Interest rates have surged at the fastest pace since 2009, as inflation has reached levels not seen in 40 years, leading to severe indigestion for the stock and bond markets.

Low interest rates spur economic growth by making it cheaper to borrow and spend. Conversely, higher rates can slow an overheating, inflationary economy. Picture a gas pedal and a brake pedal.

The Federal Reserve (“Fed”) utilizes “monetary policy” to control the cost and availability of credit to promote two primary goals; “full” employment and stable prices. In early 2020, the pandemic brought our economy to a halt, threatening another Great Depression.

The Fed quickly revisited its playbook from the Global Financial Crisis of 2008, slashing short-term interest rates to zero (from 1.50%-1.75%) and restarting “quantitative easing” (“QE”), purchasing $120 billion of U.S. Treasury and mortgage-backed bonds in the open market each month. This constant buying supported bond prices and kept longer-term interest rates low.

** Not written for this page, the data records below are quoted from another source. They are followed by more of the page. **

Lemma projector_vdash : projector (vdash P Qs).
Proof.
have [PT PP] := projP; rewrite vdashE; set S := \sum_(Q <- Qs) tri P Q.
have ST : S^T = S.
  by rewrite /S raddf_sum; apply: eq_big_seq => Q /projector_triQ[].
have PS : P *m S = S by rewrite mulmx_sumr; apply: eq_bigr => Q _; apply: mul_proj_tri.
have SP : S *m P = S by rewrite mulmx_suml; apply: eq_bigr => Q _; apply: tri_mul_proj.
have SS : S *m S = S.
  by rewrite {1}/S mulmx_sumr; apply: eq_big_seq => Q /sum_tri_mul_tri[].
split; first by rewrite linearB /= PT ST.
by rewrite mulmxBl !mulmxBr PP PS SP SS subrr subr0.
Qed.

Lemma mul_proj_vdash : P *m vdash P Qs = vdash P Qs.
Proof.
have [_ PP] := projP; rewrite vdashE mulmxBr PP mulmx_sumr.
by congr (_ - _); apply: eq_bigr => Q _; apply: mul_proj_tri.
Qed.

Lemma tri_mul_vdash Q : Q \in Qs -> tri P Q *m vdash P Qs = 0.
Proof.
move=> QQs; rewrite vdashE mulmxBr tri_mul_proj //.
by have [_ ->] := sum_tri_mul_tri QQs; rewrite subrr.
Qed.

End Vdash.

Lemma mem_triset As Bs M :
  M \in triset As Bs <-> M != 0 /\
   ((exists A B, [/\ A \in As, B \in Bs, eff A B != 0 & M = tri A B]) \/
    (exists2 A, A \in As & M = vdash A Bs)).
Proof.
rewrite /triset mem_filter mem_cat; split.
  case/andP=> M0 /orP[/allpairsPdep [A [B [AAs BBs MAB]]] | /mapP [A AAs MA]];
    split=> //; [left | right; by exists A].
  by move: BBs; rewrite mem_filter => /andP[e0 BBs]; exists A, B.
case=> -> [[A [B [AAs BBs e0 ->]]] | [A AAs ->]] /=; apply/orP.
  by left; apply/allpairsPdep; exists A, B; rewrite mem_filter e0 BBs.
by right; apply/mapP; exists A.
Qed.

End Projectors.

Section TrisetRefinement.
Variables (R : realFieldType) (n : nat) (Ps Qs Rs : seq 'M[R]_n).
Local Notation IR := (\sum_(M <- Rs) M).

Hypotheses (Ps_neq0 : forall P, P \in Ps -> P != 0)
  (Qs_neq0 : forall Q, Q \in Qs -> Q != 0)
  (Rs_neq0 : forall Rr, Rr \in Rs -> Rr != 0)
  (uniqQs : uniq Qs) (uniqRs : uniq Rs) (orthRs : mutually_orth Rs)
  (balQ : struct_bal Qs Ps) (balR : struct_bal Rs Ps)
  (triPQ_id : forall P Q, P \in Ps -> Q \in Qs -> P *m Q != 0 ->
     P *m IR != 0 -> tri P Q = P).

Lemma sumR_mul Rr : Rr \in Rs -> IR *m Rr = Rr.
Proof.
move=> RRs; rewrite mulmx_suml (bigD1_seq Rr) //=.
have [_ _ projRs _ _] := balR; have [_ ->] := projRs _ RRs.
by rewrite big1_seq ?addr0 // => R' /andP[R'R R's]; apply: orthRs.
Qed.

Lemma orth_sumR_mul P Rr : P \in Ps -> Rr \in Rs -> P *m IR = 0 -> Rr *m P = 0.
Proof.
move=> PPs RRs PI0; have [projPs _ projRs _ _] := balR.
apply: projector_mul_eq0C; [exact: projPs|exact: projRs|].
by rewrite -(sumR_mul RRs) mulmxA PI0 mul0mx.
Qed.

Credit became cheap and abundant. Add $5 trillion of COVID-relief stimulus and two years later our economy has recovered, inflation is stubbornly high and asset prices have soared. Soon after Fed Chairman Jerome Powell was nominated for a second term in November 2021, he sent investors a clear signal the Fed was preparing to wean the economy from the emergency measures by raising short-term interest rates and halting bond purchases.

Indeed, on March 16 the Fed boosted its target for “Fed funds” by 25 basis points (0.25%) to 0.25%-0.50%. On May 4, the Fed bumped its target by another 50 basis points (the largest hike in 20 years) and stated it would start shrinking its portfolio of bonds, to the tune of $95 billion/month.

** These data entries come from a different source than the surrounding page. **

Definition doubling (lam : nat) : Prop :=
  forall (v : V) (r : R), 0 < r ->
    exists W : {set V}, (#|W| <= lam)%N /\
      forall u, d u v < 2 * r -> exists2 w, w \in W & d u w < r.

(* One run of the greedy partition with threshold c (= 2^{-eta-1} r) driven by
   the sequence of chosen leaders vs.  Returns the list of (part, leader)
   pairs, or None if vs is not a legal sequence of choices. *)
Fixpoint greedy_run (L : {set V}) (c : R) (vs : seq V)
  : option (seq ({set V} * V)) :=
  match vs with
  | [::] => if L == set0 then Some [::] else None
  | v :: vs' =>
      if v \in L then
        let P := [set u in L | d u v < c] in
        omap (cons (P, v)) (greedy_run (L :\: P) c vs')
      else None
  end.

Definition rad (tau r0 : R) (j : nat) : R := tau ^+ j * r0.

Definition leaders (S : nat -> {set {set V}}) (ldr : nat -> {set V} -> V)
  (j : nat) : {set V} := [set ldr j X | X in S j].

(* The hierarchical partition construction, levels 0..m.
   S j is the partition S_j, ldr j X the leader of X in S_j. *)
Definition hier_partition (eta : nat) (tau r0 : R) (m : nat)
  (S : nat -> {set {set V}}) (ldr : nat -> {set V} -> V) : Prop :=
  [/\ S 0%N = [set [set v] | v : V],
      (forall v : V, ldr 0%N [set v] = v),
      (forall j, (j < m)%N ->
         (1 < #|S j|)%N /\
         exists vs ps,
           greedy_run (leaders S ldr j)
             ((2 ^+ eta.+1)^-1 * (2 * rad tau r0 j.+1)) vs = Some ps /\
           S j.+1 = [set:: [seq \bigcup_(X in S j | ldr j X \in p.1) X | p : {set V} * V <- ps]] /\
           (forall p : {set V} * V, p \in ps ->
              ldr j.+1 (\bigcup_(X in S j | ldr j X \in p.1) X) = p.2)) &
      (#|S m| <= 1)%N].

Definition knows (tau r0 : R) (j : nat) (A B : {set V}) : bool :=
  [exists v in A, exists u in B, d v u < rad tau r0 j].

Definition top_level (m : nat) (S : nat -> {set {set V}}) (A : {set V}) : nat :=
  (\max_(j < m.+1 | A \in S j) j)%N.

End Defs.

From Pilot Require Import Defs.
From HB Require Import structures.
From mathcomp Require Import all_boot all_order all_algebra.
From mathcomp Require Import lra.
Import Order.TTheory GRing.Theory Num.Theory.
Local Open Scope ring_scope.
Set Implicit Arguments. Unset Strict Implicit. Unset Printing Implicit Defensive.

(* At every level j the sets of S_j form a partition of V in which each point
   lies within r_j / 2 of the leader of its set and distinct leaders are at
   least 2^-eta r_j apart; the lower bound on tau is exactly what keeps the
   radius bound through a greedy merge.  Since S_j refines S_(j+1), a set occurs
   in a contiguous range of levels.  Hence if A knows B at some level j and
   a := top(A) <= top(B), then B still belongs to S_a and its leader lies within
   2 r_a of the leader of A.  These leaders are 2^-eta r_a-separated points of a
   ball of radius 2^(eta+2) * (2^-(eta+1) r_a), so iterating the doubling
   property eta+2 times bounds their number by lambda^(eta+2). *)


Lemma leq_card_bigcup (T I : finType) (A : {set I}) (F : I -> {set T}) :
  (#|\bigcup_(i in A) F i| <= \sum_(i in A) #|F i|)%N.
Proof.
apply: (big_ind2 (fun (X : {set T}) n => #|X| <= n)%N) => [|X1 n1 X2 n2 h1 h2|//].
  by rewrite cards0.
exact: leq_trans (leq_card_setU X1 X2).1 (leq_add h1 h2).
Qed.

Lemma invpow2S_mul2 (R : numFieldType) (eta : nat) (x : R) :
  (2 ^+ eta.+1)^-1 * (2 * x) = (2 ^+ eta)^-1 * x.
Proof. by rewrite exprSr invfM -mulrA mulKf ?pnatr_eq0. Qed.

Section TauBound.
Variables (R : realFieldType) (eta : nat) (tau : R).
Hypotheses (heta : (2 <= eta)%N) (htau : 1 + (2 ^+ eta.-1 - 1)^-1 <= tau).

Let K : R := 2 ^+ eta.-1.

Let K_ge2 : 2 <= K.
Proof.
rewrite /K; case: eta heta => [|[|e]] // _.
by rewrite exprS ler_peMr ?exprn_ege1 ?ler1n.
Qed.

Lemma tau_ge1 : 1 <= tau.
Proof.
apply: le_trans htau; rewrite lerDl invr_ge0 subr_ge0.
by apply: le_trans K_ge2; rewrite ler1n.
Qed.

Lemma tau_gt0 : 0 < tau.
Proof. exact: lt_le_trans tau_ge1. Qed.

This radical change in posture from “dovish” (stomping on the gas with lower rates/quantitative easing) to “hawkish” (slamming on the brakes with higher rates/quantitative tightening) has caused interest rates to soar and worries the Fed’s moves to slow the economy to rein in inflation will lead to a recession.

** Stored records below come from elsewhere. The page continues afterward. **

Lemma direction_near_tangent_cone n (X L : Cn n -> Prop) (x : nat -> Cn n) :
  tangent_cone_at_infinity_is X L -> (forall k, X (x k)) -> (forall k, INR k < vnorm (x k)) ->
  forall delta, 0 < delta ->
    exists k d, L d /\ vnorm (vsub (rscal (/ vnorm (x k)) (x k)) d) < delta.
Proof.
move=> [_ cone_unique] Xx x_big delta delta_gt0.
pose t k := vnorm (x k).
have t_gt0 k : 0 < t k by have := pos_INR k; have := x_big k; rewrite /t; lra.
pose A k y := exists z, X z /\ vnorm z = t k /\ y = rscal (/ t k) z.
have A_sphere k y : A k y -> vnorm y = 1.
  move=> [z [_ [z_t ->]]]; have := t_gt0 k => tk.
  by rewrite vnormZ z_t Rabs_right; [field | apply/Rle_ge/Rlt_le/Rinv_0_lt_compat]; lra.
have [phi [D [phi_ge [D_sphere [D_closed D_lim]]]]] := @unit_sphere_hausdorff_selection n A A_sphere.
have cone : is_tangent_cone_at_infinity X (fun z => exists s v, s >= 0 /\ D v /\ z = rscal s v).
  exists (fun j => t (phi j)), D; split; first by move=> j; apply: t_gt0.
  split; last by do 3![split => //].
  move=> M; have [N N_M] := INR_unbounded M; exists N => j Nj.
  have /leP := leq_trans Nj (phi_ge j) => /le_INR.
  by have := x_big (phi j); rewrite /t; lra.
have [J J_close] := D_lim delta delta_gt0; have [near_D _] := J_close J (leqnn J).
have [d [Dd yd]] := near_D (rscal (/ t (phi J)) (x (phi J)))
  (ex_intro _ (x (phi J)) (conj (Xx _) (conj erefl erefl))).
exists (phi J), d; split => //.
by apply/(cone_unique _ cone); exists 1, d; rewrite rscal1; split => //; lra.
Qed.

Conventional wisdom is stocks are “risky” and bonds are “safe.” Owning stocks is exciting — you can make or lose a bundle. Bonds are boring — you don’t make much, but you can’t lose money, either.

Governments and corporations borrow by issuing bonds, which are a contract between the borrower and lender spelling out the timing and amount of interest to be paid (i.e., the “coupon”) and when the principal amount borrowed is to be repaid (i.e., the “maturity”). Because the amount and timing of the cash flows are contractually set, bonds are referred to as “fixed income” investments.

Although the cash flows are fixed by contract, the price of a bond will fluctuate based on interest rate risk and credit risk.

For the past 40 years, the conventional wisdom has been generally correct, as the yield on the benchmark 10-year U.S. Treasury Bond (UST-10) declined from a high of 15.8% in September 1981 to 0.6% in July 2020, as the pandemic crushed economic activity.

When interest rates fall, a borrower can offer new bonds at a lower interest rate than the higher rates on bonds issued in the past, making the fixed income stream on existing bonds more valuable and causing bond prices to go up. Conversely, when rates rise, existing bonds go down in price. Picture a teeter-totter with yields on one end and bond prices on the other.

Thus, bond investors enjoyed a bull market for the past four decades. Alas, all bull markets end and the first quarter of 2022 proved it’s possible to lose more money in an asset class traditionally known for its safety than in stocks, with the April 1 headline in The Wall Street Journal blaring, “Bond Market Suffers Decline Not Seen in Over 40 Years.”

The carnage has continued, with long-maturity (20+ years) U.S. Treasury Bonds posting a total return of -19.1% year-to-date through May vs. the S&P 500 down “only” -12.9%.

Mortgage rates track the UST-10, so homeowners benefitted from both the lowest rates in history and the related surge in property values. The interest rate on the 30-year fixed rate mortgage went from over 18% in September 1981 to under 3% during the pandemic. The rate recently surged to 5.27%, the highest since 2009.

This means the monthly payment on a $250,000 loan has jumped from $1,068.90 at the beginning of the year (@3.11%) to $1,383.61, an increase of 29.4%. Stated differently, a payment of $1,068.90 now supports a loan of only $193,136.38, a decrease of 22.7% that has potentially ominous implications for the real estate market.

On the bright side, U.S. Treasury I-Bonds-low-risk savings bonds indexed to inflation-will earn a whopping 9.62% annualized over the next six months, significantly more than a typical savings account or CD. The rate resets in May and November, based on the six-month change in the Consumer Price Index (CPI). You can acquire up to $10,000 in electronic I-Bonds per person, per year on TreasuryDirect.gov.

You must hold I-Bonds for at least 12-months before redeeming and forfeit the last three-months of interest as a penalty if you redeem before five years.